Version résumée de "Faut-il enseigner la Shoah" du 27 octobre 2011
On s'enrichit à l'écoute des rescapés des camps nazis. Ceux-là ont touché des rivages irréels et en rapportent l'horreur avec grâce. Primo Levi, Robert Anthelme et bien d'autres, n'ont pas besoin d'en rajouter, de demander avec emphase comment la Terre a pu continuer de tourner malgré Auschwitz. Il en est de même des historiens qui ont creusé leur galerie vers le cerveau de la bête. Nul n'a besoin qu'on lui détaille l'horreur qui plane sur le meurtre de plus de cinq millions de personnes en trois ans et le mystère de cette industrie à l'échelle continentale, hors de tout alibi stratégique.
Toutefois, l'affaire Péderzoli, cette professeur d'histoire nancéenne ameutant en 2010 le lobbying communautaire, contre les reproches de trop consacrer du temps de ses élèves à ce chapitre du programme et de se complaire dans la dramatisation, ainsi que la récente polémique relative à l'emploi du terme Shoah à l'école, ont mis en évidence l'urgence d'y voir clair sans tabou.
Une finalité subliminale
La Revue d'histoire de la Shoah a récemment consacré à l'enseignement du génocide des Juifs, un volume de 700 pages au long desquelles une quarantaine de contributeurs – généralement des enseignants - explorent dans l'espace et dans le temps, les programmes et la pédagogie*.
L'accent est mis sur l'impératif d'étoffer la place de cette matière, mais la conviction des rédacteurs et le volontarisme de leur démarche exclut tout questionnement. Les sujets d'approfondissement annoncés dans le titre de certaines contributions (à quoi sert d'enseigner la Shoah, le quotidien dans un collège difficile...) sont évacués au profit d'un exposé redondant des pratiques pédagogiques (films, lectures, discussions, voyages...) et de quelques banalités.

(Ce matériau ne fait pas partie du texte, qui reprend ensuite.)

Lemma canP_separated X m1 m2 :
  m1 \notin X.1 -> m2 \notin X.1 -> m1 \notin Iset X -> m2 \notin Iset X ->
  (2 <= count (owns2 m1 m2) X.2)%N ->
  exists i1 i2, [/\ (i1 < size (canP X))%N, (i2 < size (canP X))%N, i1 <> i2,
    m1 \in nth set0 (canP X) i1 & m2 \in nth set0 (canP X) i2].
Proof.
move=> m1C m2C m1I m2I.
set Ps := parts (Iset X) (pur X).2.
have cnt1 : count (owns m1) Ps = count (owns m1) X.2 by rewrite !count_parts_owns.
have cnt2 : count (owns m2) Ps = count (owns m2) X.2 by rewrite !count_parts_owns.
have cnt12 : count (owns2 m1 m2) Ps = count (owns2 m1 m2) X.2.
  by rewrite !count_parts_owns2.
move: (count_owns_le1 m1C m1I) (count_owns_le1 m2C m2I).
rewrite -cnt1 -cnt2 -cnt12 => le1 le2 ge2.
have -> : canP X = Ps by apply: canP_parts; apply: leq_trans ge2 (count_size _ _).
have := count_predUI (owns m1) (owns m2) Ps.
move: le1 le2 ge2; set c1 := count (owns m1) Ps; set c2 := count (owns m2) Ps.
set c12 := count (owns2 m1 m2) Ps; set c1and2 := count _ Ps => le1 le2 ge2 UI.
have none12 : c1and2 = 0%N by lia.
have /hasP[S1 PS1 m1S1] : has (owns m1) Ps by rewrite has_count -/c1; lia.
have /hasP[S2 PS2 m2S2] : has (owns m2) Ps by rewrite has_count -/c2; lia.
exists (index S1 Ps), (index S2 Ps); rewrite !index_mem !nth_index //.
split=> // same_index; have S12 : S1 = S2.
  by rewrite -(nth_index set0 PS1) same_index nth_index.
have : has (predI (owns m1) (owns m2)) Ps.
  by apply/hasP; exists S1; rewrite //= m1S1 S12.
by rewrite has_count -/c1and2 none12.
Qed.

End Combinatorics.

Local Open Scope ring_scope.

Section EsumIndicator.
Variables (R : realType) (T : choiceType).

Lemma esum_if_eq (S : classical_sets.set T) (a : T) (c : \bar R) : (0 <= c)%E ->
  \esum_(x in S) (if x == a then c else 0%E) = if a \in S then c else 0%E.
Proof.
move=> c_ge0; rewrite (esumID [set a]); last by move=> x _; case: eqP.
rewrite [X in (_ + X)%E]esum1 ?adde0; last by move=> x [_ /= /eqP/negbTE->].
rewrite classical_sets.setIC classical_sets.set1I.
by case: ifP => _; [rewrite esum_set1 ?eqxx | rewrite esum_set0].
Qed.

Lemma esum_if_eq2 (S : classical_sets.set T) (a b : T) (c d : \bar R) :
  (0 <= c)%E -> (0 <= d)%E ->
  \esum_(x in S) ((if x == a then c else 0%E) + (if x == b then d else 0%E))%E =
  ((if a \in S then c else 0%E) + (if b \in S then d else 0%E))%E.
Proof.
move=> c_ge0 d_ge0; rewrite esumD ?esum_if_eq // => x _; by case: eqP.
Qed.

End EsumIndicator.

Section FairBitCopies.
Variables (R : realType) (n : nat) (M : {set 'I_n}).
Implicit Types A B : {set 'I_n}.

Definition meets (A : {set 'I_n}) : bool := ~~ [disjoint M & A].

Lemma meetsU A B : meets (A :|: B) = meets A || meets B.
Proof. by rewrite /meets -!setI_eq0 setIUr setU_eq0 negb_and. Qed.

Lemma meets_bigcup (L : seq {set 'I_n}) : meets (\bigcup_(Q <- L) Q) = has meets L.
Proof.
elim: L => [|Q L IH]; last by rewrite big_cons meetsU IH.
by rewrite big_nil /meets -setI_eq0 setI0 eqxx.
Qed.

Definition copies (b : nat) : outcome n := [ffun i => if i \in M then b else 0%N].

Definition bit_pmf (x : outcome n) : R :=
  (if x == copies 0 then 2^-1 else 0) + (if x == copies 1 then 2^-1 else 0).

Lemma proj_copies_eq A :
  (Defs.proj A (copies 0) == Defs.proj A (copies 1)) = ~~ meets A.
Proof.
rewrite /meets negbK; apply/eqP/idP => [eq01 | MA].
  rewrite -setI_eq0; apply/eqP/setP => i; rewrite inE in_set0.
  by apply/negP => /andP[iM iA]; move/ffunP/(_ i): eq01; rewrite !ffunE iA iM.
apply/ffunP => i; rewrite !ffunE; case: ifP => // iA.
by rewrite (disjointFl MA iA).
Qed.

Lemma bit_pmfE x : (bit_pmf x)%:E =
  ((if x == copies 0 then (2^-1)%:E else 0) +
   (if x == copies 1 then (2^-1)%:E else 0))%E.
Proof. by rewrite /bit_pmf EFinD; case: eqP; case: eqP. Qed.

Lemma halfD1 : 2^-1 + 2^-1 = 1 :> R.
Proof. by rewrite [RHS](splitr 1) mul1r. Qed.

Lemma halfE_ge0 : (0 <= ((2 : R)^-1)%:E)%E.
Proof. by rewrite lee_fin invr_ge0. Qed.

Lemma marg_bit_pmf A y : marg bit_pmf A y =
  (if Defs.proj A (copies 0) == y then 2^-1 else 0) +
  (if Defs.proj A (copies 1) == y then 2^-1 else 0).
Proof.
rewrite /marg (eq_esum (fun x _ => bit_pmfE x)) esum_if_eq2 ?halfE_ge0 //.
have in_fiber b : (copies b \in ((fun x => Defs.proj A x = y) : classical_sets.set _)) =
    (Defs.proj A (copies b) == y).
  by apply/idP/eqP => [/set_mem|/mem_set].
by rewrite !in_fiber; case: eqP; case: eqP.
Qed.

Lemma entE_bit_pmf A : entE bit_pmf A = ((meets A)%:R * ln 2)%:E.
Proof.
rewrite /entE; set a := Defs.proj A (copies 0); set b := Defs.proj A (copies 1).
have ab := proj_copies_eq A; rewrite -/a -/b in ab.
have [MA|nMA] := boolP (meets A); last first.
  move: ab; rewrite nMA mul0r => /eqP ab; rewrite esum1 // => y _.
  rewrite marg_bit_pmf -/a -/b -ab; case: eqP => _; last by rewrite addr0 mul0r oppr0.
  by rewrite halfD1 ln1 mulr0 oppr0.
move: ab; rewrite MA => /negbT ab; set c : R := ln 2 / 2.
have c_ge0 : (0 <= c%:E)%E by rewrite lee_fin divr_ge0 // ln_ge0 // ler1n.
have half_xlnx : - (2^-1 * ln 2^-1) = c by rewrite lnV ?posrE // mulrN opprK mulrC.
rewrite (@eq_esum _ _ _ _
  (fun y => ((if y == a then c%:E else 0) + (if y == b then c%:E else 0))%E)); last first.
  move=> y _; rewrite marg_bit_pmf -/a -/b.
  have [->|ya] := eqVneq y a; first by rewrite eq_sym (negbTE ab) addr0 adde0 half_xlnx.
  rewrite [b == y]eq_sym; have [_|yb] := eqVneq y b; first by rewrite add0r add0e half_xlnx.
  by rewrite addr0 mul0r oppr0 adde0.
rewrite esum_if_eq2 // !ifT ?mem_set // -EFinD mul1r; congr (_%:E).
by rewrite /c -splitr.
Qed.

Lemma admissible_bit_pmf : admissible bit_pmf.
Proof.
split=> [|i]; last by rewrite entE_bit_pmf ltry.
split=> [x|]; first by rewrite /bit_pmf addr_ge0 //; case: eqP; rewrite ?invr_ge0.
rewrite (eq_esum (fun x _ => bit_pmfE x)) esum_if_eq2 ?halfE_ge0 // !ifT ?mem_set //.
by rewrite -EFinD halfD1.
Qed.

Lemma ent_bit_pmf A : ent bit_pmf A = (meets A)%:R * ln 2.
Proof. by rewrite /ent entE_bit_pmf. Qed.

Lemma sum_meets (L : seq {set 'I_n}) :
  \sum_(Q <- L) (meets Q)%:R * ln 2 = (count meets L)%:R * ln 2 :> R.
Proof.
elim: L => [|Q L IH]; first by rewrite big_nil mul0r.
by rewrite big_cons IH /= natrD mulrDl.
Qed.

Lemma valid_bit_pmf (K : CMI n) :
  valid bit_pmf K <-> meets K.1 \/ (count meets K.2 <= 1)%N.
Proof.
rewrite /valid /condEnt !ent_bit_pmf meetsU.
have [MC|nMC] := boolP (meets K.1).
  rewrite orbT subrr big1 ?subrr => [|Q _]; first by split=> // _; left.
  by rewrite ent_bit_pmf meetsU MC orbT subrr.
rewrite (eq_bigr (fun Q => (meets Q)%:R * ln 2)) => [|Q _]; last first.
  by rewrite ent_bit_pmf meetsU (negbTE nMC) orbF mul0r subr0.
rewrite sum_meets orbF mul0r subr0 meets_bigcup -mulrBl.
have -> : (count meets K.2 <= 1)%N = (count meets K.2 == has meets K.2).
  by rewrite has_count; case: count => [|[|k]].
have ln2_neq0 : ln 2 != 0 :> R by rewrite gt_eqF // ln_gt0 // ltr1n.
split=> [/eqP|[//|/eqP->]]; last by rewrite subrr mul0r.
by rewrite mulf_eq0 (negbTE ln2_neq0) orbF subr_eq0 eqr_nat; right.
Qed.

On tire de cette lecture la vision d'un petit corps de métier enfermé dans son sujet au point de s'aveugler à l'ampleur de la problématique nazie. Le but n'est visiblement pas d'expliquer à de futurs citoyens l'émergence et le fonctionnement de l'État nazi ou de les ouvrir à une démarche scientifique, mais de susciter l'apparition d'un réflexe empathique à l'égard du "Peuple juif".
Le voyage à Auschwitz immunise-t-il contre la barbarie ?
Le discours relatif à l'histoire de la Shoah apparaît à cette lecture comme une forme dégradée de l'enseignement de l'histoire. Ces enseignants s'écartent des impératifs scientifiques de leur discipline pour s'approprier une fonction moralisatrice qu'ils se révèlent incapables d'objectiver au-delà de l'émotion suscitée chez des adolescents par des visions poignantes.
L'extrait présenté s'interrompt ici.